Eind 2009 overleed Dell Hymes. In het uitermate inspirerende opstel ‘Inequality in Language: Taking for Granted’ noteerde deze vooraanstaande Amerikaanse sociolinguïst en taalkundige antropoloog onder meer:
“Character does not come in one accent alone; intelligence has many voices. We take this so for granted within linguistics that we may forget to teach it […] The truth is that we must never take for granted that what we take for granted is known to others. Elementary assumptions of linguistics can be liberating for those to whom they are unknown. The task of confronting misconceptions about the status of languages, as languages, may never be over […]”

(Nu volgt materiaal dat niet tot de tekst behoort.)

(* If $G$ is a quasitopological group, then $G$ and $\tau(G)$ have exactly the same open subgroups. In particular, for any based space $X$, $\pi_1^{qtop}(X)$ and $\pi_1^{\tau}(X)$ have the same open subgroups.
   Context: A quasitopological group is a group with a topology in which inversion is continuous and multiplication is separately continuous in each variable. $F_M(S)$ is the free (Markov) topological group on a space $S$. For a group with topology $G$, $\tau(G)$ is $G$ with the quotient topology with respect to the multiplication epimorphism $m_G:F_M(G)\to G$ sending each generator $g$ to $g$. For a based space $X$, $\pi_1^{qtop}(X)$ is $\pi_1(X)$ with the quotient topology from the based loop space $\Omega(X)$ (compact-open topology) via $\alpha\mapsto[\alpha]$; it is a quasitopological group. $\pi_1^{\tau}(X)=\tau(\pi_1^{qtop}(X))$. *)

From Stdlib Require Import Reals List Relations Classical ClassicalEpsilon
  FunctionalExtensionality PropExtensionality.
Open Scope R_scope.

Set Implicit Arguments.

Definition is_topology {X : Type} (O : (X -> Prop) -> Prop) : Prop :=
  O (fun _ => True) /\
  (forall U V, O U -> O V -> O (fun x => U x /\ V x)) /\
  (forall F : (X -> Prop) -> Prop,
      (forall U, F U -> O U) -> O (fun x => exists U, F U /\ U x)).

Definition cont {X Y : Type} (OX : (X -> Prop) -> Prop)
  (OY : (Y -> Prop) -> Prop) (f : X -> Y) : Prop :=
  forall V, OY V -> OX (fun x => V (f x)).

Definition gen_open {X : Type} (B : (X -> Prop) -> Prop) (W : X -> Prop) : Prop :=
  forall O, is_topology O -> (forall V, B V -> O V) -> O W.

Definition prod_open {A B : Type} (OA : (A -> Prop) -> Prop)
  (OB : (B -> Prop) -> Prop) (W : A * B -> Prop) : Prop :=
  forall a b, W (a, b) ->
    exists U V, OA U /\ OB V /\ U a /\ V b /\
      (forall a' b', U a' -> V b' -> W (a', b')).

Definition qt_compact {X : Type} (O : (X -> Prop) -> Prop) (K : X -> Prop) : Prop :=
  forall F : (X -> Prop) -> Prop,
    (forall U, F U -> O U) -> (forall x, K x -> exists U, F U /\ U x) ->
    exists l : list (X -> Prop),
      (forall U, In U l -> F U) /\ (forall x, K x -> exists U, In U l /\ U x).

Definition is_group {G : Type} (mul : G -> G -> G) (inv : G -> G) (e : G) : Prop :=
  (forall x y z, mul x (mul y z) = mul (mul x y) z) /\
  (forall x, mul e x = x /\ mul x e = x) /\
  (forall x, mul (inv x) x = e /\ mul x (inv x) = e).

Definition is_subgroup {G : Type} (mul : G -> G -> G) (inv : G -> G) (e : G)
  (H : G -> Prop) : Prop :=
  H e /\ (forall x y, H x -> H y -> H (mul x y)) /\ (forall x, H x -> H (inv x)).

Definition is_quasitop_group {G : Type} (mul : G -> G -> G) (inv : G -> G) (e : G)
  (O : (G -> Prop) -> Prop) : Prop :=
  is_group mul inv e /\ is_topology O /\ cont O O inv /\
  (forall a, cont O O (fun x => mul a x)) /\ (forall a, cont O O (fun x => mul x a)).

Definition is_top_group {G : Type} (mul : G -> G -> G) (inv : G -> G) (e : G)
  (O : (G -> Prop) -> Prop) : Prop :=
  is_group mul inv e /\ is_topology O /\ cont O O inv /\
  cont (prod_open O O) O (fun p => mul (fst p) (snd p)).

(* words: (x,true) = x, (x,false) = x^-1 *)
Definition word (S : Type) := list (S * bool).

Inductive red1 {S : Type} : word S -> word S -> Prop :=
| red1_intro : forall (u v : word S) x b,
    red1 (u ++ (x, b) :: (x, negb b) :: v) (u ++ v).

Definition weq {S : Type} : word S -> word S -> Prop := clos_refl_sym_trans _ red1.

(* F(S) = words modulo free reduction; elements are equivalence classes *)
Definition FG (S : Type) := { P : word S -> Prop | exists w, P = weq w }.

Definition fg_cls {S : Type} (w : word S) : FG S :=
  exist _ (weq w) (ex_intro _ w eq_refl).

Definition fg_rep {S : Type} (p : FG S) : word S :=
  proj1_sig (constructive_indefinite_description _ (proj2_sig p)).

Definition winv {S : Type} (w : word S) : word S :=
  rev (map (fun xb => (fst xb, negb (snd xb))) w).

Definition fg_mul {S : Type} (p q : FG S) : FG S := fg_cls (fg_rep p ++ fg_rep q).
Definition fg_inv {S : Type} (p : FG S) : FG S := fg_cls (winv (fg_rep p)).
Definition fg_one {S : Type} : FG S := fg_cls nil.
Definition fg_sigma {S : Type} (x : S) : FG S := fg_cls ((x, true) :: nil).

(* F_M(S): F(S) with the finest group topology making sigma : S -> F(S)
   continuous, i.e. the topology generated by all such group topologies
   (the supremum of group topologies is a group topology). *)
Definition FM_open {S : Type} (OS : (S -> Prop) -> Prop) : (FG S -> Prop) -> Prop :=
  gen_open (fun V => exists T : (FG S -> Prop) -> Prop,
     is_top_group (@fg_mul S) (@fg_inv S) (@fg_one S) T /\ cont OS T (@fg_sigma S) /\ T V).

Definition word_eval {G : Type} (mul : G -> G -> G) (inv : G -> G) (e : G)
  (w : word G) : G :=
  fold_right (fun (xb : G * bool) (acc : G) => mul (if snd xb then fst xb else inv (fst xb)) acc) e w.

Definition m_G {G : Type} (mul : G -> G -> G) (inv : G -> G) (e : G)
  (p : FG G) : G := word_eval mul inv e (fg_rep p).

(* open sets of tau(G): the quotient topology w.r.t. m_G *)
Definition tau_open {G : Type} (mul : G -> G -> G) (inv : G -> G) (e : G)
  (OG : (G -> Prop) -> Prop) (U : G -> Prop) : Prop :=
  FM_open OG (fun p => U (m_G mul inv e p)).

Definition R_open (U : R -> Prop) : Prop :=
  forall x, U x -> exists eps, eps > 0 /\ forall y, Rabs (y - x) < eps -> U y.

Definition II := { t : R | 0 <= t <= 1 }.

Definition I_open (V : II -> Prop) : Prop :=
  exists U, R_open U /\ forall t, V t <-> U (proj1_sig t).

Definition i0 : II := exist _ 0 (conj (Rle_refl 0) Rle_0_1).
Definition i1 : II := exist _ 1 (conj Rle_0_1 (Rle_refl 1)).

Lemma clamp_prf (r : R) : 0 <= Rmax 0 (Rmin 1 r) <= 1.
Proof.
  split; [apply Rmax_l | apply Rmax_lub; [apply Rle_0_1 | apply Rmin_l]].
Qed.

Definition clamp (r : R) : II := exist _ (Rmax 0 (Rmin 1 r)) (clamp_prf r).

Section Pi1.
Context {X : Type} (OX : (X -> Prop) -> Prop) (x0 : X).

Definition is_loop (a : II -> X) : Prop := cont I_open OX a /\ a i0 = x0 /\ a i1 = x0.

Definition homotopic (a b : II -> X) : Prop :=
  exists H : II * II -> X, cont (prod_open I_open I_open) OX H /\
    (forall s, H (s, i0) = a s) /\ (forall s, H (s, i1) = b s) /\
    (forall t, H (i0, t) = x0 /\ H (i1, t) = x0).

Definition hcls (a : II -> X) : (II -> X) -> Prop := fun b => is_loop b /\ homotopic a b.

Definition Pi1 := { P : (II -> X) -> Prop | exists a, is_loop a /\ P = hcls a }.

Definition const_loop : II -> X := fun _ => x0.

Lemma const_loop_is_loop : is_loop const_loop.
Proof.
  split; [| split; reflexivity].
  intros V _. exists (fun _ => V x0). split.
  - intros x H. exists 1. split; [apply Rlt_0_1 | intros; exact H].
  - intros t; unfold const_loop; tauto.
Qed.

(* class of a loop (of the constant loop if the argument is not a loop) *)
Definition pcls (a : II -> X) : Pi1 :=
  match excluded_middle_informative (is_loop a) with
  | left h => exist _ (hcls a) (ex_intro _ a (conj h eq_refl))
  | right _ => exist _ (hcls const_loop)
                 (ex_intro _ const_loop (conj const_loop_is_loop eq_refl))
  end.

Definition prep (p : Pi1) : II -> X :=
  proj1_sig (constructive_indefinite_description _ (proj2_sig p)).

Definition concat (a b : II -> X) : II -> X :=
  fun t => if Rle_dec (proj1_sig t) (1/2) then a (clamp (2 * proj1_sig t))
           else b (clamp (2 * proj1_sig t - 1)).

Definition reverse (a : II -> X) : II -> X := fun t => a (clamp (1 - proj1_sig t)).

Definition pi1_mul (p q : Pi1) : Pi1 := pcls (concat (prep p) (prep q)).
Definition pi1_inv (p : Pi1) : Pi1 := pcls (reverse (prep p)).
Definition pi1_one : Pi1 := pcls const_loop.

Definition Omega := { a : II -> X | is_loop a }.

Definition CO_open : (Omega -> Prop) -> Prop :=
  gen_open (fun V => exists (K : II -> Prop) (U : X -> Prop),
     qt_compact I_open K /\ OX U /\
     V = (fun w : Omega => forall t, K t -> U (proj1_sig w t))).

(* pi_1^qtop: quotient topology from Omega via a |-> [a] *)
Definition qtop_open (V : Pi1 -> Prop) : Prop :=
  CO_open (fun w : Omega => V (pcls (proj1_sig w))).

End Pi1.

From Pilot Require Import Defs.
From Stdlib Require Import Reals List Relations Classical ClassicalEpsilon.
From Stdlib Require Import Lra FunctionalExtensionality PropExtensionality ProofIrrelevance.

(* If [H] is an open subgroup of [G] and translations are continuous, the cosets
   [b (g1 H g1^-1 /\ ... /\ gn H gn^-1)] form the base of a group topology on [G]; pulled
   back along the multiplication homomorphism [m_G] it becomes a group topology on the free
   group in which the generators vary continuously, hence it is coarser than the Markov
   topology, and [m_G^-1(H)] is open in it: [H] is open in [tau(G)].  Conversely [G] embeds
   continuously in [F_M(G)] by the generators and [m_G] is a retraction of that embedding,
   so every [tau]-open set is open.

   For [pi_1^qtop] it then suffices that the loop classes form a group (every group law is
   witnessed by a straight-line homotopy of reparametrizations) and that concatenating a
   fixed loop on either side is continuous for the compact-open topology, which passes to
   the quotient. *)

Lemma gen_open_topology {X : Type} (B : (X -> Prop) -> Prop) : is_topology (gen_open B).
Proof.
  split; [|split].
  - intros O [Htop _] _. exact Htop.
  - intros U V HU HV O [? [Hinter ?]] HB. apply Hinter; [apply HU | apply HV];
      repeat split; auto.
  - intros F HF O [? [? Hunion]] HB. apply Hunion. intros U HU. apply HF; repeat split; auto.
Qed.

Lemma gen_open_base {X : Type} (B : (X -> Prop) -> Prop) (V : X -> Prop) :
  B V -> gen_open B V.
Proof. intros HV O _ HB. auto. Qed.

Lemma open_ext {X : Type} (O : (X -> Prop) -> Prop) (U V : X -> Prop) :
  (forall x, U x <-> V x) -> O U -> O V.
Proof.
  intros HUV HU. replace V with U; auto.
  apply functional_extensionality; intro x; apply propositional_extensionality; auto.
Qed.

Lemma preimage_topology {X Y : Type} (OX : (X -> Prop) -> Prop) (f : X -> Y) :
  is_topology OX -> is_topology (fun V : Y -> Prop => OX (fun x => V (f x))).
Proof.
  intros [Htop [Hinter Hunion]]; split; [|split].
  - exact Htop.
  - intros U V HU HV. exact (Hinter _ _ HU HV).
  - intros F HF.
    apply (open_ext OX (fun x => exists W, (exists U, F U /\ W = (fun x => U (f x))) /\ W x)).
    + intros x; split.
      * intros [W [[U [HU ->]] HW]]. eauto.
      * intros [U [HU HUx]]. exists (fun x => U (f x)). eauto.
    + apply Hunion. intros W [U [HU ->]]. auto.
Qed.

“In the United States there are people, progressive in outlook, who are surprised to meet or hear of someone who studies Indian languages. Are they really “languages”, our daughter was asked by such a person. […]”
“Wherever there is a variety of English that differs from a certain standard, there will be those who will see it, not as different, but as deficient. Yet the burgeoning creativity of those in Africa and Asia and the Pacific, replanting English, cross-breeding English, their novel integrations of resources, add color and beauty to the world, to those who can see them as configurations of their own.”
“The task may continue to be true indefinitely with what can be called the ‘hidden injuries of accent’. I have argued in the past that there are those with a vested interest in bemoaning the decline of the language, and that even if everyone, say, spoke a recognizably standard English, they would create a hierarchy, say, of adverbs, and continue to lament. At present we are far from so esoteric a condition […]”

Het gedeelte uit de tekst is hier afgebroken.